Records from a dataset

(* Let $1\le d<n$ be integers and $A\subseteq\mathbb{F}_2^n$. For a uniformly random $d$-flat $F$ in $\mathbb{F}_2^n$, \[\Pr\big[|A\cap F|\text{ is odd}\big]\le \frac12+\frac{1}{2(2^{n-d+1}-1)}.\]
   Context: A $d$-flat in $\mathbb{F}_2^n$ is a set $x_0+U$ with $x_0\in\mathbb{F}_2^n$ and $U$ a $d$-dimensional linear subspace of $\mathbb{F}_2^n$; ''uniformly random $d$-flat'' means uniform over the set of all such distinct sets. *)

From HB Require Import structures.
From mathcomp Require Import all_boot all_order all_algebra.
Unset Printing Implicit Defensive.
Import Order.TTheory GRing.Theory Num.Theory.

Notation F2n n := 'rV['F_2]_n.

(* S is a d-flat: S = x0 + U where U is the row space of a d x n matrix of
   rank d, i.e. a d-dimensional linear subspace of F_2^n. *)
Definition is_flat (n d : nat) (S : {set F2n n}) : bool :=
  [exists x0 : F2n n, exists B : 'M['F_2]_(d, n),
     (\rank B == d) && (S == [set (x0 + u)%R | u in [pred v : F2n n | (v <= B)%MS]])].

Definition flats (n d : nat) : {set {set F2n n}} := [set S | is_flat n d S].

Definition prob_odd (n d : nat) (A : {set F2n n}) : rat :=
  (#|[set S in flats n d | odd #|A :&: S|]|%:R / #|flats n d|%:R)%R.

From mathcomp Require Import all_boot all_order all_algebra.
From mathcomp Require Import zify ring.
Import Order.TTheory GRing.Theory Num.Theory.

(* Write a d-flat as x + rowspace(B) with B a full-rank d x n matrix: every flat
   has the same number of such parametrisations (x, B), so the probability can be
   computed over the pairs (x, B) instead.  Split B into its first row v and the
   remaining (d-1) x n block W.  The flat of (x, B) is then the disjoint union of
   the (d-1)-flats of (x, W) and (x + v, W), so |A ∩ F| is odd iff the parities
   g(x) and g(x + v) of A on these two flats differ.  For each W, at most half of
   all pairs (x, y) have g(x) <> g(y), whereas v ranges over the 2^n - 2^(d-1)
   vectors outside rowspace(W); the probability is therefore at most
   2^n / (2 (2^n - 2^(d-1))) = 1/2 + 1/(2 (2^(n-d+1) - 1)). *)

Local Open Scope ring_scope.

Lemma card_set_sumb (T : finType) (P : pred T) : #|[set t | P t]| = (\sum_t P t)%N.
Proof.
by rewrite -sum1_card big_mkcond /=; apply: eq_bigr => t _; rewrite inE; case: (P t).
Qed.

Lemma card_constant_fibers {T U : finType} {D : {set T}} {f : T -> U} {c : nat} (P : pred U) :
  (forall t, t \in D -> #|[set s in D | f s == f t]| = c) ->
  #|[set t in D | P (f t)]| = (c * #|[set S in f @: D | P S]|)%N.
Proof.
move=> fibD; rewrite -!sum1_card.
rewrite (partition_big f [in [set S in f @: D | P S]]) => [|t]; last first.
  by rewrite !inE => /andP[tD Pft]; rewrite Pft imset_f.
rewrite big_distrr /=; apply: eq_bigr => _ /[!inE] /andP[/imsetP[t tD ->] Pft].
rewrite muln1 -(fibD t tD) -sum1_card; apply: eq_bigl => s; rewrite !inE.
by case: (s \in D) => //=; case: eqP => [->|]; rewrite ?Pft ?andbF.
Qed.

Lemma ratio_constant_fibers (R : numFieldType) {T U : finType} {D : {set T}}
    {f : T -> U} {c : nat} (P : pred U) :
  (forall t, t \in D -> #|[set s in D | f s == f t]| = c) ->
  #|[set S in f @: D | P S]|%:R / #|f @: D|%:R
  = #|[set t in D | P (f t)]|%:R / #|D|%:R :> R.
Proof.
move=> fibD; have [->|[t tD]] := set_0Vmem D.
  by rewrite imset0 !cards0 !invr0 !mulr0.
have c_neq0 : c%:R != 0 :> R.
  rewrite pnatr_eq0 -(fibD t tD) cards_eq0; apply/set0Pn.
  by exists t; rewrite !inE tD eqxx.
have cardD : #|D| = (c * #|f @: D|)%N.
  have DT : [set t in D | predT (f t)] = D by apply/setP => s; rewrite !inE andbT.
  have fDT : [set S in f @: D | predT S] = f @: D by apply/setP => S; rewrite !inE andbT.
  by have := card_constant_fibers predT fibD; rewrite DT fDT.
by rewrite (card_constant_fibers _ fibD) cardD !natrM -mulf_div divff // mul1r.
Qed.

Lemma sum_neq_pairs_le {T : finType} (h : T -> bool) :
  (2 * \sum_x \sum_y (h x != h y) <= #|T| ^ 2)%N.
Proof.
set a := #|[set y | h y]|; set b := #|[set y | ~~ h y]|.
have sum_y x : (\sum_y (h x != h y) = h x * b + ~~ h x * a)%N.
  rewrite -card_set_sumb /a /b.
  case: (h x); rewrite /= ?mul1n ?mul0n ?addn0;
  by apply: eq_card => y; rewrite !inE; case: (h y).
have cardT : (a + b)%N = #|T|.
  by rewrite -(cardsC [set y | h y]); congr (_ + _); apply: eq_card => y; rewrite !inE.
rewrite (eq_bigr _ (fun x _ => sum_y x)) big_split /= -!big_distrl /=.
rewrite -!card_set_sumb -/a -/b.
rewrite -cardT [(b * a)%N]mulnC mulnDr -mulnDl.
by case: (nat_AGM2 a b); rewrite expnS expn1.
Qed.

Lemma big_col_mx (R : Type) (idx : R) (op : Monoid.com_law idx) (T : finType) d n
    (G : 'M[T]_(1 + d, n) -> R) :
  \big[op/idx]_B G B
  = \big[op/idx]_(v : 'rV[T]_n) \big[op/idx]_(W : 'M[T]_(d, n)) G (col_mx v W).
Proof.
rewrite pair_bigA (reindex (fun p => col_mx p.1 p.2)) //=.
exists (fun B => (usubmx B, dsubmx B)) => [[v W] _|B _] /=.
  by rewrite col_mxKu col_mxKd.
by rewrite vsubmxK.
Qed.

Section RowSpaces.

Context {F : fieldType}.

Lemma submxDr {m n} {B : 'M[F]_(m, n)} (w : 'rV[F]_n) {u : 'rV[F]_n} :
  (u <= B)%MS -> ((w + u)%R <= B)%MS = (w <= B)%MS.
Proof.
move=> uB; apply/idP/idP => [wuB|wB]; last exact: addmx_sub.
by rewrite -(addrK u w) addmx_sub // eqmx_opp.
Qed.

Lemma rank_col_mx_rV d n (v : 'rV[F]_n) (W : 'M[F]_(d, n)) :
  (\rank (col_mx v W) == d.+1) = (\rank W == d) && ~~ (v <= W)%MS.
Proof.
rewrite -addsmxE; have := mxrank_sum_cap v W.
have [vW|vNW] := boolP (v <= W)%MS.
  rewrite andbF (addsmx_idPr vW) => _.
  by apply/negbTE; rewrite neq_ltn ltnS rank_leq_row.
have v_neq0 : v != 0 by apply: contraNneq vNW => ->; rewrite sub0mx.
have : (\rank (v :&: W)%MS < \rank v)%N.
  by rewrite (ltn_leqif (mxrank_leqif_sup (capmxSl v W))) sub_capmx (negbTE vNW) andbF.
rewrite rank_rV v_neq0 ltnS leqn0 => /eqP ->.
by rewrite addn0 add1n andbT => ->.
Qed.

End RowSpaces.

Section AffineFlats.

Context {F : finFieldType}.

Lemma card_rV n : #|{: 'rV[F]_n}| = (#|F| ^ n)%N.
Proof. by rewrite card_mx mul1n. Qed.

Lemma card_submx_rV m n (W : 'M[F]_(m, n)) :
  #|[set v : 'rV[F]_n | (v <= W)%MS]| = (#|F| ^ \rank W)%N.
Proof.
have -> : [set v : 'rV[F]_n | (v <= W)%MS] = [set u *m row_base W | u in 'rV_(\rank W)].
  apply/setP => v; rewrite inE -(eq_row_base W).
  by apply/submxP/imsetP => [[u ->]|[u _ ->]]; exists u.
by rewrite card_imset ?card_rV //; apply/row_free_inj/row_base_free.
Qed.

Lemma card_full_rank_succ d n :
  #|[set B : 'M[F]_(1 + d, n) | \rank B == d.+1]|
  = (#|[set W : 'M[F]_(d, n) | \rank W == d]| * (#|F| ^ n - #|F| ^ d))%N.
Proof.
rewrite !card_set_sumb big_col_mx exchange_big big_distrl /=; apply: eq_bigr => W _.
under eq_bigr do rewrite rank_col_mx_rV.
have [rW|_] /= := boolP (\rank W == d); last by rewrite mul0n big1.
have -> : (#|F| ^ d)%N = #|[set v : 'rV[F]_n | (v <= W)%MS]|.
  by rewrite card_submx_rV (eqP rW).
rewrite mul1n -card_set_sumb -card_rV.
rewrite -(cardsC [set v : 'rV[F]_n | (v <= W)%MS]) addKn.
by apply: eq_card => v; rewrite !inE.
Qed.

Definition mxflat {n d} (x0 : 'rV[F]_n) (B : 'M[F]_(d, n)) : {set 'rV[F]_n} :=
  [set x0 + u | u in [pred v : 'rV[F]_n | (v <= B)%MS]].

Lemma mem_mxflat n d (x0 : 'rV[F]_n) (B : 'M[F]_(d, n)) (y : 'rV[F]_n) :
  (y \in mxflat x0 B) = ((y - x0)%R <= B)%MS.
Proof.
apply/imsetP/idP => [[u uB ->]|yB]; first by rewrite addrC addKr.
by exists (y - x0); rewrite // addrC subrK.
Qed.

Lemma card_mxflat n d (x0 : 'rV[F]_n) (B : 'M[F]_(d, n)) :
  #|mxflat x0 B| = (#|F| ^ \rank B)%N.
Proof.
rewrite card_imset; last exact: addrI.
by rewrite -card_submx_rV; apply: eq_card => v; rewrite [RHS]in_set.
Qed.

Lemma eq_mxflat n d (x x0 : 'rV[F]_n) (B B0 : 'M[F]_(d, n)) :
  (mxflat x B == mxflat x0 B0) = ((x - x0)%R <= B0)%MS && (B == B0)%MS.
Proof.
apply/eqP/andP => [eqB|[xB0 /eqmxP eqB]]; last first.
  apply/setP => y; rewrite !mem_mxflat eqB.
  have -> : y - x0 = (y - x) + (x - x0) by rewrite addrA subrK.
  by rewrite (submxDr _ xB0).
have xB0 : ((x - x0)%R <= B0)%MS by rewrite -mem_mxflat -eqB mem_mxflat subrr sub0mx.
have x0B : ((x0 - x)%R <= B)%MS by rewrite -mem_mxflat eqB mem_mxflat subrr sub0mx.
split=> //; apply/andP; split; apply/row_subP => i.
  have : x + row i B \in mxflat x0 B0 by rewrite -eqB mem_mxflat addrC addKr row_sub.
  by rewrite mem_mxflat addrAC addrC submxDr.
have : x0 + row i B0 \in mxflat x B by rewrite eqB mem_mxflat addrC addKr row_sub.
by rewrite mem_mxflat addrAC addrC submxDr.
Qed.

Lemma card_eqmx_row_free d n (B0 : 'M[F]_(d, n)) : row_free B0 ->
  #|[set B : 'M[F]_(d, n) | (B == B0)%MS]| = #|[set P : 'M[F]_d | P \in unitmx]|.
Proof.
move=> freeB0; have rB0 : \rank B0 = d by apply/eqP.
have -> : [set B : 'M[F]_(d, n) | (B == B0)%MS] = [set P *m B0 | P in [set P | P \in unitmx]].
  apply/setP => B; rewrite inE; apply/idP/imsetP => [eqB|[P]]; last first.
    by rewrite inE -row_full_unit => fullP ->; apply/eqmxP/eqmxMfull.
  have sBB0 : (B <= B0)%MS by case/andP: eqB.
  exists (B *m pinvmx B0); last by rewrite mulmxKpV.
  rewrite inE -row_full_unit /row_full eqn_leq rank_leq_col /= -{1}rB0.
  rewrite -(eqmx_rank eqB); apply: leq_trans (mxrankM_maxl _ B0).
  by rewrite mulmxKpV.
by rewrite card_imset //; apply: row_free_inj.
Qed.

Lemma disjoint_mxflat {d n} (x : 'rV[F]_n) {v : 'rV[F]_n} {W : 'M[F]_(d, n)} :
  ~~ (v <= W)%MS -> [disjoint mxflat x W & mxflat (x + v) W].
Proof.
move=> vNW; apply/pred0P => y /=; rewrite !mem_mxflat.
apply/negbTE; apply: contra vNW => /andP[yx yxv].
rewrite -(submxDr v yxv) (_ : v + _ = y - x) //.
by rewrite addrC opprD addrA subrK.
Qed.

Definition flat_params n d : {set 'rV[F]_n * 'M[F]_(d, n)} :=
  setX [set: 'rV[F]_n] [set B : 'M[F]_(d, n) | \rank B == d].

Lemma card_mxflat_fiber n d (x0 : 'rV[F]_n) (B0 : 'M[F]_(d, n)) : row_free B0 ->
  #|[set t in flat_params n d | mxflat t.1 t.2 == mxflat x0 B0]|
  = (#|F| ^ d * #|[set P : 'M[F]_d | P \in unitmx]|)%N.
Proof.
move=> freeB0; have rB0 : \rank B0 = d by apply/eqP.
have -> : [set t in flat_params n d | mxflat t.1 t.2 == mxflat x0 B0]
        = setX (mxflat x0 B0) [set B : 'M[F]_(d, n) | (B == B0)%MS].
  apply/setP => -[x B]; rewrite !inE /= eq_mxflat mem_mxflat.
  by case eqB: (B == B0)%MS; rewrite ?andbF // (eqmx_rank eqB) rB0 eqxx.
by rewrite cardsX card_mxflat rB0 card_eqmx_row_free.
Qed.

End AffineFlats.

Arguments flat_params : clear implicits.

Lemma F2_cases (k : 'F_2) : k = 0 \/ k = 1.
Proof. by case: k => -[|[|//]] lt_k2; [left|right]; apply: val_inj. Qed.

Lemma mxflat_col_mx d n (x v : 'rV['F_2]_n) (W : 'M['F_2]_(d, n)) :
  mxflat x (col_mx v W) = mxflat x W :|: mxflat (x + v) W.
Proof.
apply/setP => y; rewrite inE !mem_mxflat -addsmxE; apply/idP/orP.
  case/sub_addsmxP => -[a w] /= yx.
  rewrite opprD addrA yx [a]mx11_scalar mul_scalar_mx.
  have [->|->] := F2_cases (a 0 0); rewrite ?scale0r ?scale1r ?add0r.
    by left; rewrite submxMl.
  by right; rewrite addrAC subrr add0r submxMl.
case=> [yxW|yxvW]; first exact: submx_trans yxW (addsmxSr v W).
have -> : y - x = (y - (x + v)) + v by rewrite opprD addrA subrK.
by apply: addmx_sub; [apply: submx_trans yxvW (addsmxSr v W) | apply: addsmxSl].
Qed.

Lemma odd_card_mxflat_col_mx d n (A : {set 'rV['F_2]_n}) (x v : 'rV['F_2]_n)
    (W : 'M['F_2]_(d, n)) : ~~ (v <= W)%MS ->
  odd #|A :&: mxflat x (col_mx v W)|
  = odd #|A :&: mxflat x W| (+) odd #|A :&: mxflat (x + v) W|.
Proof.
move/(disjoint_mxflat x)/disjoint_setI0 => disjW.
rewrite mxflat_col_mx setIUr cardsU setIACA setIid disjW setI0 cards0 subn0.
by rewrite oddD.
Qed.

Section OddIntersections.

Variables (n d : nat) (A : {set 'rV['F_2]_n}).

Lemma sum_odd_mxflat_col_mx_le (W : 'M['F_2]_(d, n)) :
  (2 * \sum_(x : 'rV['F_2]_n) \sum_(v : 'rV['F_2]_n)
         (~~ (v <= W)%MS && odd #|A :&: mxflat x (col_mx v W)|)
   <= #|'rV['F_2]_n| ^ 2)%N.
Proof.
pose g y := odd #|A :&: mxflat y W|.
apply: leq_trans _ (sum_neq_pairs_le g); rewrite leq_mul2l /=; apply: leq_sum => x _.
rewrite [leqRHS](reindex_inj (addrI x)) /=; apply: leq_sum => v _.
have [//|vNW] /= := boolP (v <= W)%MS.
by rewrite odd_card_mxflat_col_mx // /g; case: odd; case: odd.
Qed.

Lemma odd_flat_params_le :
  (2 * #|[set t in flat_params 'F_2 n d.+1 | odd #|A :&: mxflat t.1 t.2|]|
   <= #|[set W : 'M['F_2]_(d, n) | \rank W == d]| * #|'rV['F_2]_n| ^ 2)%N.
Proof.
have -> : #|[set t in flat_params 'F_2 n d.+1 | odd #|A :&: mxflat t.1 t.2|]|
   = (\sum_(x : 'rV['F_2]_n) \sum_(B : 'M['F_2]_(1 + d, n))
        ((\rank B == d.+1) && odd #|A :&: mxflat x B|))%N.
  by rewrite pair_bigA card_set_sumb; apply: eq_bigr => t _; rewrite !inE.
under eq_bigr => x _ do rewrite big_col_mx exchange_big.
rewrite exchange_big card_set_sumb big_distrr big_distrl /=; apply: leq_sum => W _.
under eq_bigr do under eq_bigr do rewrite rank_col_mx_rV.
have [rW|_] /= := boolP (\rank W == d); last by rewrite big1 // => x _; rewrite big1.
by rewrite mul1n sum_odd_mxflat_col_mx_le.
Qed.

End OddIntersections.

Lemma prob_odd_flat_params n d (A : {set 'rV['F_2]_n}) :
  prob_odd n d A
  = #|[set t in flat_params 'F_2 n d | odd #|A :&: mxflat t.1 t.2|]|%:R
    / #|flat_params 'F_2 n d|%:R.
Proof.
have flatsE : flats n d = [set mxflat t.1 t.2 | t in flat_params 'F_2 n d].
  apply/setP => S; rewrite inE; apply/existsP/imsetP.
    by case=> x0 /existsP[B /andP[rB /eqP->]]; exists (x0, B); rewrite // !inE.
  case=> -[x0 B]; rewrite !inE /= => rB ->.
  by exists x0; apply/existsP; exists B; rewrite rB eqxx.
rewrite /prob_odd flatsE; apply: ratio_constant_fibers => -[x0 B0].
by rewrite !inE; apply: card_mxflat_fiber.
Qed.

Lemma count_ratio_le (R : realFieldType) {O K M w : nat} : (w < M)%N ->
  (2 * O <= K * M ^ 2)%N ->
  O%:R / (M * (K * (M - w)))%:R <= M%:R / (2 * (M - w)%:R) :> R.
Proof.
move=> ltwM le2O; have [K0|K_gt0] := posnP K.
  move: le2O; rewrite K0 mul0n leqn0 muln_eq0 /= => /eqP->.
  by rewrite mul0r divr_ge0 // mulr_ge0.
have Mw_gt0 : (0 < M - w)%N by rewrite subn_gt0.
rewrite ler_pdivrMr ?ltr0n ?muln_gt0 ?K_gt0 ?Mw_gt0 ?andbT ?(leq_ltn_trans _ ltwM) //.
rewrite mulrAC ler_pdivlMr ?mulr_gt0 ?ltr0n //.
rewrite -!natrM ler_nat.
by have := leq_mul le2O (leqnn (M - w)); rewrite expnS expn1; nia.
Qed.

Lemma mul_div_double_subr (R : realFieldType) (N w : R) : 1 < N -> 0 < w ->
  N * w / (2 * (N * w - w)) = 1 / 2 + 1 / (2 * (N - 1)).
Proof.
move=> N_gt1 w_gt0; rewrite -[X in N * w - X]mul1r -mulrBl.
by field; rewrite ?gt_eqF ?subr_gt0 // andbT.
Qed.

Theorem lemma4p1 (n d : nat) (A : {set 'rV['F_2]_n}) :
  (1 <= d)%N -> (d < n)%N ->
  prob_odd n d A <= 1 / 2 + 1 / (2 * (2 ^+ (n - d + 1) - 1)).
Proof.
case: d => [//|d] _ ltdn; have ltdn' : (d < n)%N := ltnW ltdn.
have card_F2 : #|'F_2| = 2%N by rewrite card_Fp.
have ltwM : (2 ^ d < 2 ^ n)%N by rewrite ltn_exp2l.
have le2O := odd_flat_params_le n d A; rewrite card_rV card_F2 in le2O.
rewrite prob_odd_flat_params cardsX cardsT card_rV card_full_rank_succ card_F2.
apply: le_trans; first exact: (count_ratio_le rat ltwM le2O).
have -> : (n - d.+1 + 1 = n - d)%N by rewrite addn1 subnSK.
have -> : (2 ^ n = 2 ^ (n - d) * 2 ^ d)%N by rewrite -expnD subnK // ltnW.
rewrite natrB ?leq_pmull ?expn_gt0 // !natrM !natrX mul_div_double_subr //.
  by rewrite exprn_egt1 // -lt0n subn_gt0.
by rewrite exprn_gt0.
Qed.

==

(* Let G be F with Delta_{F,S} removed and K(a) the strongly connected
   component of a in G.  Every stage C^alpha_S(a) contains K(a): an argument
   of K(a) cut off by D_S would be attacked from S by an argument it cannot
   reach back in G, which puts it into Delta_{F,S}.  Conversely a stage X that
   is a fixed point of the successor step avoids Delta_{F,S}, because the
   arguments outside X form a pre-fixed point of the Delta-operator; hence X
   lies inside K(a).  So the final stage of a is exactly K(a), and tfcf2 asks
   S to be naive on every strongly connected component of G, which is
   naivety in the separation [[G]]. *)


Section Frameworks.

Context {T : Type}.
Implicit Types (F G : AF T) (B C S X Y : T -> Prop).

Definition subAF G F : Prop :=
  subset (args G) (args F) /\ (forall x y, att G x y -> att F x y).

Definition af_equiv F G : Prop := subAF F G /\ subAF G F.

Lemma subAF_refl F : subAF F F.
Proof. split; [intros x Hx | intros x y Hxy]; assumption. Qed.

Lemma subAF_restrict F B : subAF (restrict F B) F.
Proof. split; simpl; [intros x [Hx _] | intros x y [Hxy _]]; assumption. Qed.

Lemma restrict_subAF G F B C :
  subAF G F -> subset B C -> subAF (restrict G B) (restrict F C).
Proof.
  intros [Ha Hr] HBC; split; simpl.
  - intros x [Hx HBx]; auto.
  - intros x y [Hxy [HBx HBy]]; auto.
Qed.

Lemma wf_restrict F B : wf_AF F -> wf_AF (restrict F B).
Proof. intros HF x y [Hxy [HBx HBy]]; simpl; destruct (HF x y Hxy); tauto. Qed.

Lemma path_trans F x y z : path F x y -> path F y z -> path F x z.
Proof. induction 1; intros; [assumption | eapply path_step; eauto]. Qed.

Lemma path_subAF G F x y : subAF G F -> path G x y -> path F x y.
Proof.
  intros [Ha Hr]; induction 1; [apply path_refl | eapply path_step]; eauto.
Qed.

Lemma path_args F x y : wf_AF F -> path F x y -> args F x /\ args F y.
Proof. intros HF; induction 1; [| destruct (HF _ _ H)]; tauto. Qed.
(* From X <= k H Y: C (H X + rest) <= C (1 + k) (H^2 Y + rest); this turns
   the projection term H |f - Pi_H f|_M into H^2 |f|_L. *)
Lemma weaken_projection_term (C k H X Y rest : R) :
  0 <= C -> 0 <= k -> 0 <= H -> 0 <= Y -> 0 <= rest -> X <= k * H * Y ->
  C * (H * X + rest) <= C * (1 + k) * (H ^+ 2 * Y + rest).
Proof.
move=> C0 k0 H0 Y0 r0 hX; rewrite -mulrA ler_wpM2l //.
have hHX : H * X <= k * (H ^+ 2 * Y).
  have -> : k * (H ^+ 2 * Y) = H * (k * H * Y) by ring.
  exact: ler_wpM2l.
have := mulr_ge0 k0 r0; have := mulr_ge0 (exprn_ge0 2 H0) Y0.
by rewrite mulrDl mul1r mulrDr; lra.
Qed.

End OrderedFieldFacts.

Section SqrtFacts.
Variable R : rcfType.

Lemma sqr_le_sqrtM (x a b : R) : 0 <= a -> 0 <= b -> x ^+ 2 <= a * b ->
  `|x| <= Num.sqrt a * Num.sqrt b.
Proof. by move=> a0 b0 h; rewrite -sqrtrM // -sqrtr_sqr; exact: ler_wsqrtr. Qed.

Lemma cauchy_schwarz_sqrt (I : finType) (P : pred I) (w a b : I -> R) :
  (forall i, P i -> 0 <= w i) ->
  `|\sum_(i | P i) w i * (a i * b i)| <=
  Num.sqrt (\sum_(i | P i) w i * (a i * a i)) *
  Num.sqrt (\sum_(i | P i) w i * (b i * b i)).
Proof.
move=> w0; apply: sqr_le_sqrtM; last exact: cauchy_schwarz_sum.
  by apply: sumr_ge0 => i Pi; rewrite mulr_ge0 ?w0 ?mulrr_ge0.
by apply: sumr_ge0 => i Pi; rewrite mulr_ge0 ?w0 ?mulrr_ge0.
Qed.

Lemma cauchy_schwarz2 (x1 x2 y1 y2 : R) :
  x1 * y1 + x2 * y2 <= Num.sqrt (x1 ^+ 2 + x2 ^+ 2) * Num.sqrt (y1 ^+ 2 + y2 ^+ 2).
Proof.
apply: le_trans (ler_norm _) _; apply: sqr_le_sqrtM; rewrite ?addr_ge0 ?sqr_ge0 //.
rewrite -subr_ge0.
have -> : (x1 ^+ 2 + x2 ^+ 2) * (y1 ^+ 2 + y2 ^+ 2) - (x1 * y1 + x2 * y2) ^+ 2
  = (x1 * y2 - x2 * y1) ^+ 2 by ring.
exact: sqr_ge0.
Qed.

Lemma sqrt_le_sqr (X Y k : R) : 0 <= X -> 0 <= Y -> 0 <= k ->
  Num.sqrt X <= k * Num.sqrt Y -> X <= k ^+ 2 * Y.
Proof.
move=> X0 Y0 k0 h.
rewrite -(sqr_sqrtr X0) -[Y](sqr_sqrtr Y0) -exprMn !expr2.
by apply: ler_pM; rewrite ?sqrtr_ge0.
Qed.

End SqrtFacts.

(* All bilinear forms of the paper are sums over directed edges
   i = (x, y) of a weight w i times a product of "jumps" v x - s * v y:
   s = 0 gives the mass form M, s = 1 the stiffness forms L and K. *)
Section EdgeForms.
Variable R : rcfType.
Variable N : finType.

## EXERCISE DIRECTIONS
Write out exactly the lines that fall from the line with "(1 <= d)%N -> (d < n)%N ->" to the line with "rewrite prob_odd_flat_params cardsX" in the records above, keeping both ends.

## TASK ANSWER
  (1 <= d)%N -> (d < n)%N ->
  prob_odd n d A <= 1 / 2 + 1 / (2 * (2 ^+ (n - d + 1) - 1)).
Proof.
case: d => [//|d] _ ltdn; have ltdn' : (d < n)%N := ltnW ltdn.
have card_F2 : #|'F_2| = 2%N by rewrite card_Fp.
have ltwM : (2 ^ d < 2 ^ n)%N by rewrite ltn_exp2l.
have le2O := odd_flat_params_le n d A; rewrite card_rV card_F2 in le2O.
rewrite prob_odd_flat_params cardsX cardsT card_rV card_full_rank_succ card_F2.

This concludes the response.